About
Juan Zhai is an Assistant Professor in the Manning College of Information & Computer Sciences (CICS) at University of Massachusetts, Amherst (UMass). She co-directs the Laboratory for Advanced Software Engineering Research (LASER) lab. She is also a member of UMass NLP group. She is broadly interested in Software Engineering and Program Languages, Natural Language Processing and Software Text Analytics, Software Reliability and Security, and Deep Learning.
Contact Information
juanzhai at umass dot edu
Office
A211D LGRC
Research
- Formal specification synthesis: One of the main challenges in developing high-quality software is ensuring that its behavior aligns with the intended specifications. Formal specifications can significantly enhance the processes of debugging, testing, and verification. However, their adoption is limited due to the extensive manual effort, potential for errors, and the specialized expertise required. A promising approach to overcome this challenge is the automatic generation of formal specifications from the rich natural language artifacts that commonly describe the expected behavior of software systems. Our work C2S successfully translates natural language comments into formal specifications, which are proved to be helpful in generating new test oracles, reducing false alarms in automated testing, and improving static taint analysis. In addition to program specifications, we also successfully generate Linear Temporal Logic (LTL) formulas for IoT systems from user-defined commands in natural language. We are currently exploring the use of large language models to generate formal specifications.

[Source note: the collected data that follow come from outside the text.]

Lemma Hq_mul_ln q x : 1 < INR q ->
  Hq q x * ln (INR q) = x * ln (INR q - 1) + entropy x.
Proof.
move=> q_gt1; have : ln (INR q) <> 0 by apply: ln_neq_0; lra.
by rewrite /Hq /logq /entropy => ?; field.
Qed.

Lemma xlnx_le x y : 0 <= x -> x <= y -> x * ln x <= x * ln y.
Proof.
move=> [x_gt0|<-] le_xy; last by rewrite !Rmult_0_l; apply: Rle_refl.
by apply: Rmult_le_compat_l; [lra | apply: ln_le].
Qed.

Lemma entropy_sub_le x rho : 0 <= x -> x <= rho -> rho < 1 ->
  entropy rho - entropy x <= (rho - x) * (Rabs (ln rho) + / (1 - rho)).
Proof.
move=> x_ge0 le_xrho rho_lt1.
have rho'_gt0 : 0 < 1 - rho by lra.
have x'_gt0 : 0 < 1 - x by lra.
have ln_x' : ln (1 - x) = ln (1 - rho) + ln ((1 - x) / (1 - rho)).
  by rewrite -ln_mult; [congr ln; field; lra | lra | exact: Rdiv_lt_0_compat].
have ln_ratio : ln ((1 - x) / (1 - rho)) <= (rho - x) * / (1 - rho).
  have -> : (rho - x) * / (1 - rho) = (1 - x) / (1 - rho) - 1 by field; lra.
  exact/ln_le_sub1/Rdiv_lt_0_compat.
have ln_rho'_le0 : ln (1 - rho) <= 0 by rewrite -ln_1; apply: ln_le; lra.
have xlnx := xlnx_le x_ge0 le_xrho.
have abs_ln := Rle_abs (- ln rho); rewrite Rabs_Ropp in abs_ln.
have inv_gt0 : 0 < / (1 - rho) by apply: Rinv_0_lt_compat.
have t1 : (1 - x) * ln ((1 - x) / (1 - rho)) <= (rho - x) * / (1 - rho).
  have : 0 <= (rho - x) * / (1 - rho) by apply: Rmult_le_pos; lra.
  nra.
rewrite /entropy ln_x'; nra.
Qed.

Lemma INR_xlnx_ratio a n : (0 < n)%N ->
  INR n * (INR a / INR n * ln (INR a / INR n)) = INR a * ln (INR a) - INR a * ln (INR n).
Proof.
move=> /INR_gt0 n_gt0; have [->|/INR_gt0 a_gt0] := posnP a.
  by rewrite /= /Rdiv !Rmult_0_l; ring.
rewrite /Rdiv ln_mult ?ln_Rinv //; last exact: Rinv_0_lt_compat.
by field; lra.
Qed.

Lemma INR_entropy_ratio n k : (0 < n)%N -> (k <= n)%N ->
  INR n * entropy (INR k / INR n) =
  INR n * ln (INR n) - INR k * ln (INR k) - INR (n - k) * ln (INR (n - k)).
Proof.
move=> n_gt0 le_kn; have nR_gt0 := INR_gt0 n_gt0; rewrite /entropy.
have -> : 1 - INR k / INR n = INR (n - k) / INR n.
  by rewrite minus_INR; [field; lra | apply/leP].
set x := INR k / INR n; set y := INR (n - k) / INR n.
have -> : INR n * (- x * ln x - y * ln y) = - (INR n * (x * ln x)) - INR n * (y * ln y) by ring.
rewrite !INR_xlnx_ratio // minus_INR; [ring | exact/leP].
Qed.

Lemma expnn_gt0 m : (0 < m ^ m)%N.
Proof. by rewrite expn_gt0; case: m. Qed.

(* Only the words of weight exactly [k] are counted; the binomial-mode bound
   turns ['C(n, k)] into [exp (n entropy (k / n)) / (n + 1)]. *)
Lemma ln_card_errs_ge_floor q n k (r : R) : (2 <= q)%N -> (0 < n)%N -> (k <= n)%N ->
  INR k <= r ->
  INR k * ln (INR q - 1) + INR n * entropy (INR k / INR n) <=
  ln (INR n + 1) + ln (INR #|errs q n r|).
Proof.
move=> q_ge2 n_gt0 le_kn le_kr; set b := #|errs q n r|.
have q'_gt0 : (0 < q.-1)%N by rewrite -ltnS prednK // ltnW.
have count : (n ^ n * q.-1 ^ k <= n.+1 * b * (k ^ k * (n - k) ^ (n - k)))%N.
  apply: leq_trans (leq_mul (expn_le_binomial_mode le_kn) (leqnn _)) _.
  have := card_errs_ge n (ltnW q_ge2) le_kr; rewrite -/b.
  move: 'C(n, k) (q.-1 ^ k)%N (k ^ k)%N ((n - k) ^ (n - k))%N => c p x y le_cp_b.
  rewrite (_ : n.+1 * (c * x * y) * p = n.+1 * (c * p) * (x * y))%N; last first.
    by rewrite mulnAC -!mulnA (mulnCA p).
  by rewrite leq_mul2r leq_mul2l le_cp_b !orbT.
have b_gt0 : (0 < b)%N.
  rewrite lt0n; apply: contraTneq count => ->.
  by rewrite muln0 mul0n -ltnNge muln_gt0 !expn_gt0 n_gt0 q'_gt0.
have nn_gt0 : (0 < n ^ n)%N by rewrite expn_gt0 n_gt0.
have q'k_gt0 : (0 < q.-1 ^ k)%N by rewrite expn_gt0 q'_gt0.
have := ln_INR_le _ count; rewrite muln_gt0 nn_gt0 q'k_gt0 => /(_ isT).
rewrite !ln_INR_muln ?muln_gt0 ?nn_gt0 ?q'k_gt0 ?b_gt0 ?expnn_gt0 ?ltn0Sn //.
rewrite !ln_INR_expn S_INR INR_entropy_ratio // (_ : INR q.-1 = INR q - 1); first lra.
by rewrite -{2}(prednK (ltnW q_ge2)) S_INR; ring.
Qed.

Lemma entropy_floor_le n k rho L : (0 < n)%N -> 0 <= rho < 1 -> 0 <= L ->
  INR k <= rho * INR n < INR k + 1 ->
  INR n * (rho * L + entropy rho) <=
  INR k * L + INR n * entropy (INR k / INR n) + (L + Rabs (ln rho) + / (1 - rho)).
Proof.
move=> /INR_gt0 n_gt0 [rho_ge0 rho_lt1] L_ge0 [le_k lt_k1].
set x := INR k / INR n.
have nx : INR n * x = INR k by rewrite /x; field; lra.
have x_ge0 : 0 <= x by have := pos_INR k; nra.
have le_xrho : x <= rho by nra.
have D_ge0 : 0 <= Rabs (ln rho) + / (1 - rho).
  by have := Rabs_pos (ln rho); have := Rinv_0_lt_compat (1 - rho); lra.
have [d_ge0 d_le1] : 0 <= INR n * (rho - x) <= 1 by nra.
have := Rmult_le_compat_l _ _ _ (Rlt_le _ _ n_gt0) (entropy_sub_le x_ge0 le_xrho rho_lt1).
have := Rmult_le_compat_r _ _ _ L_ge0 d_le1.
have := Rmult_le_compat_r _ _ _ D_ge0 d_le1.
rewrite -nx; lra.
Qed.

Lemma exists_floor r : 0 <= r -> exists k : nat, INR k <= r < INR k + 1.
Proof.
move=> r_ge0; have [up_gt up_le] := archimed r.
have up_gt0 : (0 < up r)%Z by apply: lt_IZR; lra.
exists (Z.to_nat (up r - 1)).
by rewrite INR_IZR_INZ Znat.Z2Nat.id ?minus_IZR /=; [lra | lia].
Qed.

Lemma ln_card_errs_ge q rho : (2 <= q)%N -> 0 <= rho < 1 ->
  exists c, forall n, (0 < n)%N ->
  INR n * (Hq q rho * ln (INR q)) <=
  ln (INR n + 1) + ln (INR #|errs q n (rho * INR n)|) + c.
Proof.
move=> q_ge2 rho_bnd; have [rho_ge0 rho_lt1] := rho_bnd.
have q_ge2R : 2 <= INR q by apply: (le_INR 2); apply/leP.
have L_ge0 : 0 <= ln (INR q - 1) by rewrite -ln_1; apply: ln_le; lra.
exists (ln (INR q - 1) + Rabs (ln rho) + / (1 - rho)) => n n_gt0.
have [k floor_k] : exists k : nat, INR k <= rho * INR n < INR k + 1.
  by apply: exists_floor; apply: Rmult_le_pos; [lra | apply: pos_INR].
have le_kn : (k <= n)%N.
  apply/leP/INR_le; have := INR_gt0 n_gt0; nra.
have := ln_card_errs_ge_floor q_ge2 n_gt0 le_kn (proj1 floor_k).
have := entropy_floor_le n_gt0 rho_bnd L_ge0 floor_k.
rewrite Hq_mul_ln; lra.
Qed.

Lemma ln_le_tangent m x : 0 < m -> 0 < x -> ln x <= ln m + x / m - 1.
Proof.
move=> m_gt0 x_gt0; have xm_gt0 : 0 < x / m by apply: Rdiv_lt_0_compat.
have -> : x = m * (x / m) by field; lra.
rewrite ln_mult // (_ : m * (x / m) / m = x / m); last by field; lra.
by have := ln_le_sub1 xm_gt0; lra.
Qed.

Lemma eventually_ln_succ_le a c : 0 < a -> exists N : nat, forall n, (N <= n)%N ->
  (0 < n)%N /\ ln (INR n + 1) + c <= a * INR n.
Proof.
move=> a_gt0; set K := ln (4 / a) + a / 4 - 1 + c.
have [k [_ lt_k1]] := exists_floor (Rmult_le_pos _ _ (Rabs_pos K)
  (Rlt_le _ _ (Rinv_0_lt_compat (3 * a / 4) ltac:(lra)))).
exists k.+1 => n le_Nn; have n_ge : INR k + 1 <= INR n by rewrite -S_INR; apply/le_INR/leP.
have K_le : K <= 3 * a / 4 * INR n.
  have := Rle_abs K; have : Rabs K / (3 * a / 4) * (3 * a / 4) = Rabs K by field; lra.
  rewrite /Rdiv in lt_k1 *; nra.
split; first exact: leq_trans le_Nn.
have := ln_le_tangent (Rdiv_lt_0_compat 4 a ltac:(lra) a_gt0)
  (Rplus_le_lt_0_compat _ _ (pos_INR n) Rlt_0_1).
rewrite (_ : (INR n + 1) / (4 / a) = a * (INR n + 1) / 4); last by field; lra.
rewrite /K in K_le; lra.
Qed.

Lemma ln_card_ge_of_rate q n (C : {set word q n}) t : 1 < INR q -> (0 < n)%N ->
  t <= rate C -> INR n * ln (INR q) * t <= ln (INR #|C|).
Proof.
move=> q_gt1 /INR_gt0 n_gt0 le_t.
have lnq_gt0 : 0 < ln (INR q) by rewrite -ln_1; apply: ln_increasing; lra.
have -> : ln (INR #|C|) = INR n * ln (INR q) * rate C.
  by rewrite /rate /logq; field; split; lra.
by apply: Rmult_le_compat_l => //; nra.
Qed.

Lemma ratio_ge_of_mul_le (m B G b Q : nat) t : (0 < m)%N -> (0 < b)%N ->
  (m * G <= Q)%N -> (B + G)%N = b -> INR Q <= INR m * INR b * t ->
  1 - t <= INR B / INR b.
Proof.
move=> /INR_gt0 m_gt0 /INR_gt0 b_gt0 /leP/le_INR le_mG sum_b le_Q.
rewrite -multE mult_INR in le_mG.
have le_G : INR G <= INR b * t.
  by apply: (Rmult_le_reg_l (INR m)) => //; rewrite -Rmult_assoc; lra.
have -> : INR B = INR b - INR G by rewrite -sum_b plus_INR; ring.
have -> : (INR b - INR G) / INR b = 1 - INR G / INR b by field; lra.
have : INR G / INR b <= t.
  apply: (Rmult_le_reg_r (INR b)) => //.
  by rewrite /Rdiv Rmult_assoc Rinv_l; lra.
lra.
Qed.

Lemma expn_le_mul_Rpower q n (m b : nat) s : (1 < q)%N -> (0 < m)%N -> (0 < b)%N ->
  INR n * ln (INR q) + s * ln (INR q) <= ln (INR m) + ln (INR b) ->
  INR (q ^ n) <= INR m * INR b * Rpower (INR q) (- s).
Proof.
move=> q_gt1 m_gt0 b_gt0 le_ln; rewrite /Rpower -Ropp_mult_distr_l.
apply: le_mul_exp_of_ln; first by apply/INR_gt0; rewrite expn_gt0 ltnW.
  by apply: Rmult_lt_0_compat; apply: INR_gt0.
by rewrite ln_INR_expn ln_mult; [lra | apply: INR_gt0 | apply: INR_gt0].
Qed.

Theorem lemma3p4 (q : nat) (rho : R) :
  leq 2 q -> 0 <= rho -> rho < 1 - 1 / INR q ->
  exists kappa : R, 0 < kappa /\
  forall gamma : R, 0 < gamma ->
  exists N : nat, forall n : nat, leq N n ->
  forall C : {set word q n},
    rate C >= 1 - Hq q rho + gamma ->
    exists c : word q n, c \in C /\
      INR #|bad_errs C c (rho * INR n)| / INR #|errs q n (rho * INR n)|
        >= 1 - Rpower (INR q) (- (kappa * gamma * INR n)).
Proof.
move=> q_ge2 rho_ge0 rho_lt.
have q_gt1 : 1 < INR q by apply: (lt_INR 1); apply/ltP.
have lnq_gt0 : 0 < ln (INR q) by rewrite -ln_1; apply: ln_increasing; lra.
have rho_lt1 : rho < 1.
  by have := Rdiv_lt_0_compat 1 (INR q) Rlt_0_1 ltac:(lra); lra.
have [c errs_ge] := ln_card_errs_ge q_ge2 (conj rho_ge0 rho_lt1).
exists (1 / 2); split=> [|g g_gt0]; first lra.
have glnq_gt0 : 0 < g * ln (INR q) / 2 by nra.
have [N HN] := eventually_ln_succ_le c glnq_gt0.
exists N => n le_Nn C rate_C; have [n_gt0 ln_succ_le] := HN n le_Nn.
set r := rho * INR n; set b := #|errs q n r|.
have b_gt0 : (0 < b)%N.
  by apply: card_errs_gt0 (ltnW q_ge2) _; apply: Rmult_le_pos => //; apply: pos_INR.
have ln_errs := errs_ge n n_gt0; rewrite -/r -/b in ln_errs.
have ln_C := ln_card_ge_of_rate q_gt1 n_gt0 (Rge_le _ _ rate_C).
have ln_b_le := ln_card_words_le (errs q n r) (ltnW q_ge2); rewrite -/b in ln_b_le.
have gain : 0 < g * ln (INR q) * INR n by have := INR_gt0 n_gt0; nra.
(* The rate bound and [#|errs| <= q ^ n] give [ln #|C| > 0], whereas [ln 0 = 0]. *)
have C_gt0 : (0 < #|C|)%N.
  by rewrite lt0n; apply/eqP => C0; rewrite C0 /= ln_0 in ln_C; nra.
have C_ne0 : C != set0 by rewrite -card_gt0.
have [w Cw few_good] := exists_mul_card_le C_ne0 (sum_card_good_errs C r).
exists w; split=> //; apply/Rle_ge.
apply: (ratio_ge_of_mul_le C_gt0 b_gt0 few_good (card_bad_good_errs C w r)).
by apply: expn_le_mul_Rpower => //; lra.
Qed.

- Comment generation and maintenance: Natural language artifacts, such as comments, user manuals and API documentation, provide more human-interpretable descriptions of a program. These artifacts facilitate code comprehension and software maintenance by providing abundant information that can be leveraged for software development and maintenance. Developers are less motivated to write and update comments (compared to writing functional code), making comment-driven analysis challenging or even infeasible. We developed a novel software reasoning method, CPC, that enables bidirectional analysis across comments and code implementation for the first time: (1) program analysis propagates and updates comments; and (2) comments provide additional semantic hints to enrich program analysis. Our proposed fine-grained comment taxonomy in this work has been well-adopted in the community. Leveraging advancements in large language models, we are now generating comments using these models.
- Trustworthy AI Ecosystems: In an era where artificial intelligence systems increasingly influence every aspect of society, enhancing the trustworthiness of AI models has become crucial. This is not just a technical challenge but a moral one. Our work spans the entire AI stack, from testing the general frameworks, execution environment, to test and automatically repair model bugs. The work has also been expanded to domain specific areas, e.g., machine translation. We focus on key properties, e.g., robustness and fairness, from training, pruning, to finetuning.
Students
- Current PhD Students: Gehao Zhang, Jiasheng Gu
- Drop me an email if you are interested in working with me!
Services
- TPC/Reviewer, International Conference on Software Engineering (ICSE), 2025
- TPC/Reviewer, Symposium on the Foundations of Software Engineering (FSE), 2025, 2024
- TPC/Reviewer, International Symposium on Software Testing and Analysis (ISSTA), 2025, 2024
- TPC/Reviewer, International Conference on Automated Software Engineering (ASE), 2024, 2023
- TPC/Reviewer, Conference on Computer Vision and Pattern Recognition (CVPR), 2024, 2023
- TPC/Reviewer, International Conference on Learning Representations (ICLR), 2025, 2024
- TPC/Reviewer, Conference on Neural Information Processing Systems (NeurIPS), 2024, 2023
- TPC/Reviewer, International Conference on Automation of Software Test (AST), 2023
- TPC/Reviewer, International Conference on Software Engineering, Demo Track (ICSE-Demo), 2022
- TPC/Reviewer, International Conference on Machine Learning (ICML), 2022
- TPC/Reviewer, Transactions on Software Engineering and Methodology (TOSEM), 2024, 2023, 2022, 2021
- TPC/Reviewer, Transactions on Software Engineering (TSE), 2020
- TPC/Reviewer, Journal of Systems and Software (JSS), 2024, 2023, 2019
- TPC/Reviewer, Journal of Software (JOS), 2020
- TPC/Reviewer, Empirical Software Engineering (EMSE), 2019
Teaching
- Fall 24: Hot Topics in Software Engineering Research (CS692P)
- Fall 24: Theory and Practice of Software Engineering (CS520)
- Spring 24: Theory and Practice of Software Engineering (CS520)
- Spring 23: Software Engineering (CS431)
- Spring 23: Introduction to Computer Science (CS111)
- Fall 22: Data Structure (CS112)
- Fall 22: Introduction to Computer Science (CS111)
- Spring 22: Data Structure (CS112)
- Spring 21: Data Structure (CS112)
- Spring 21: Introduction to Computer Science (CS111)
- Fall 20: Data Structure (CS112)
- Fall 20: Introduction to Computer Science (CS111)
- Spring 20: Software Engineering (CS431)
- Spring 20: Data Structure (CS112)
- Spring 20: Introduction to Computer Science (CS111)
- Fall 19: Data Structure (CS112)
- Fall 19: Introduction to Computer Science (CS111)